## WORK REQUEST:
When you reach the line containing "move=> A_sub; split." in the entries below, begin reproducing lines exactly, and stop once the line containing "Lemma nth_mv_component (j" is done.

Items listed in a dataset:
-------------------------

Lemma fhw_eq (r : R) (N0 : finType) (e0 : rel N0) (bag0 : N0 -> {set V}) :
  is_tree_decomposition A e0 bag0 -> td_width R A bag0 <= r ->
  (forall (N : finType) (e : rel N) (bag : N -> {set V}),
     is_tree_decomposition A e bag -> r <= td_width R A bag) ->
  fhw R A = r.
Proof.
move=> td0 width0 r_lb; rewrite /fhw; apply/le_anti/andP; split.
  apply: le_trans width0; apply: ge_inf; last by exists N0, e0, bag0.
  by exists r => _ [N [e [bag [td ->]]]]; apply: r_lb td.
apply: lb_le_inf; first by exists (td_width R A bag0), N0, e0, bag0.
by move=> _ [N [e [bag [td ->]]]]; apply: r_lb td.
Qed.

Lemma two_bag_decomposition (B1 B2 : {set V}) :
  {in A, forall a : {set V}, (a \subset B1) || (a \subset B2)} ->
  is_tree_decomposition A (fun b c : bool => b != c) (fun b => if b then B1 else B2).
Proof.
move=> A_sub; split.
- split=> [|b c|b|b c|].
  + by rewrite card_bool.
  + by rewrite eq_sym.
  + by rewrite eqxx.
  + by case: b; case: c; rewrite ?connect0 ?connect1.
  + have -> : [set p : bool * bool | p.1 != p.2] = [set (true, false); (false, true)].
      by apply/setP => -[[] []]; rewrite !inE.
    by rewrite cards2 card_bool.
- by move=> a /A_sub /orP [sub1 | sub2]; [exists true | exists false].
- move=> v b c vb vc; case: (eqVneq b c) => [-> | bc]; first exact: connect0.
  by apply: connect1; rewrite bc vb vc.
Qed.

End Width.

Section ComplementQueryExtension.
Variables (R : realType) (V : finType) (A : seq {set V}) (X : 'I_(size A) -> V).
Hypothesis atom_complement : forall j : 'I_(size A), nth set0 A j = [set y | y != X j].
Hypothesis X_inj : injective X.
Hypothesis size_A_ge3 : (3 <= size A)%N.
Variable s : 'S_(size A).

Local Notation K := (size A).
Local Notation Q := (@mv_component _ A s).
Local Notation atom j := (nth set0 Q j).

Lemma size_mv_component : size Q = K.
Proof. by rewrite size_map size_enum_ord. Qed.

Lemma atom_index_lt (j : 'I_(size Q)) : (j < K)%N.
Proof. exact: (ltn_ord (cast_ord size_mv_component j)). Qed.

Definition missing (j : 'I_(size Q)) : V := X (s (cast_ord size_mv_component j)).

Lemma missing_eq j j' : (missing j == missing j') = (j == j').
Proof.
by rewrite (inj_eq X_inj) (inj_eq (@perm_inj _ s)) (inj_eq (@cast_ord_inj _ _ _)).
Qed.

Lemma nth_mv_component (j : 'I_(size Q)) :
  atom j = [set inr z | z : 'I_K & (z <= j)%N] :|: inl @: [set y | y != missing j].
Proof.
rewrite -atom_complement (nth_map (cast_ord size_mv_component j)) ?size_enum_ord.
  by rewrite (nth_ord_enum _ (cast_ord size_mv_component j)).
exact: atom_index_lt.
Qed.

Lemma mem_atom_inr (j : 'I_(size Q)) (z : 'I_K) : (inr z \in atom j) = (z <= j)%N.
Proof.
rewrite nth_mv_component inE mem_imset ?inE; last by move=> ? ? [].
by case: (z <= j)%N => //=; apply/negbTE/imsetP => -[].
Qed.

Lemma mem_atom_inl (j : 'I_(size Q)) (x : V) : (inl x \in atom j) = (x != missing j).
Proof.
rewrite nth_mv_component inE mem_imset ?inE; last by move=> ? ? [].
by rewrite orbC; case: (x != missing j) => //=; apply/negbTE/imsetP => -[].
Qed.

(* Atoms are numbered from 0: [penult_atom] and [last_atom] are the paper's
   atoms k-1 and k. *)
Fact first_atom_lt : (0 < size Q)%N. Proof. by rewrite size_mv_component; lia. Qed.
Fact penult_atom_lt : (K - 2 < size Q)%N. Proof. by rewrite size_mv_component; lia. Qed.
Fact last_atom_lt : (K - 1 < size Q)%N. Proof. by rewrite size_mv_component; lia. Qed.

Definition first_atom : 'I_(size Q) := Ordinal first_atom_lt.
Definition penult_atom : 'I_(size Q) := Ordinal penult_atom_lt.
Definition last_atom : 'I_(size Q) := Ordinal last_atom_lt.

-------------------------

## ANSWER SECTION:
move=> A_sub; split.
- split=> [|b c|b|b c|].
  + by rewrite card_bool.
  + by rewrite eq_sym.
  + by rewrite eqxx.
  + by case: b; case: c; rewrite ?connect0 ?connect1.
  + have -> : [set p : bool * bool | p.1 != p.2] = [set (true, false); (false, true)].
      by apply/setP => -[[] []]; rewrite !inE.
    by rewrite cards2 card_bool.
- by move=> a /A_sub /orP [sub1 | sub2]; [exists true | exists false].
- move=> v b c vb vc; case: (eqVneq b c) => [-> | bc]; first exact: connect0.
  by apply: connect1; rewrite bc vb vc.
Qed.

End Width.

Section ComplementQueryExtension.
Variables (R : realType) (V : finType) (A : seq {set V}) (X : 'I_(size A) -> V).
Hypothesis atom_complement : forall j : 'I_(size A), nth set0 A j = [set y | y != X j].
Hypothesis X_inj : injective X.
Hypothesis size_A_ge3 : (3 <= size A)%N.
Variable s : 'S_(size A).

Local Notation K := (size A).
Local Notation Q := (@mv_component _ A s).
Local Notation atom j := (nth set0 Q j).

Lemma size_mv_component : size Q = K.
Proof. by rewrite size_map size_enum_ord. Qed.

Lemma atom_index_lt (j : 'I_(size Q)) : (j < K)%N.
Proof. exact: (ltn_ord (cast_ord size_mv_component j)). Qed.

Definition missing (j : 'I_(size Q)) : V := X (s (cast_ord size_mv_component j)).

Lemma missing_eq j j' : (missing j == missing j') = (j == j').
Proof.
by rewrite (inj_eq X_inj) (inj_eq (@perm_inj _ s)) (inj_eq (@cast_ord_inj _ _ _)).
Qed.

Lemma nth_mv_component (j : 'I_(size Q)) :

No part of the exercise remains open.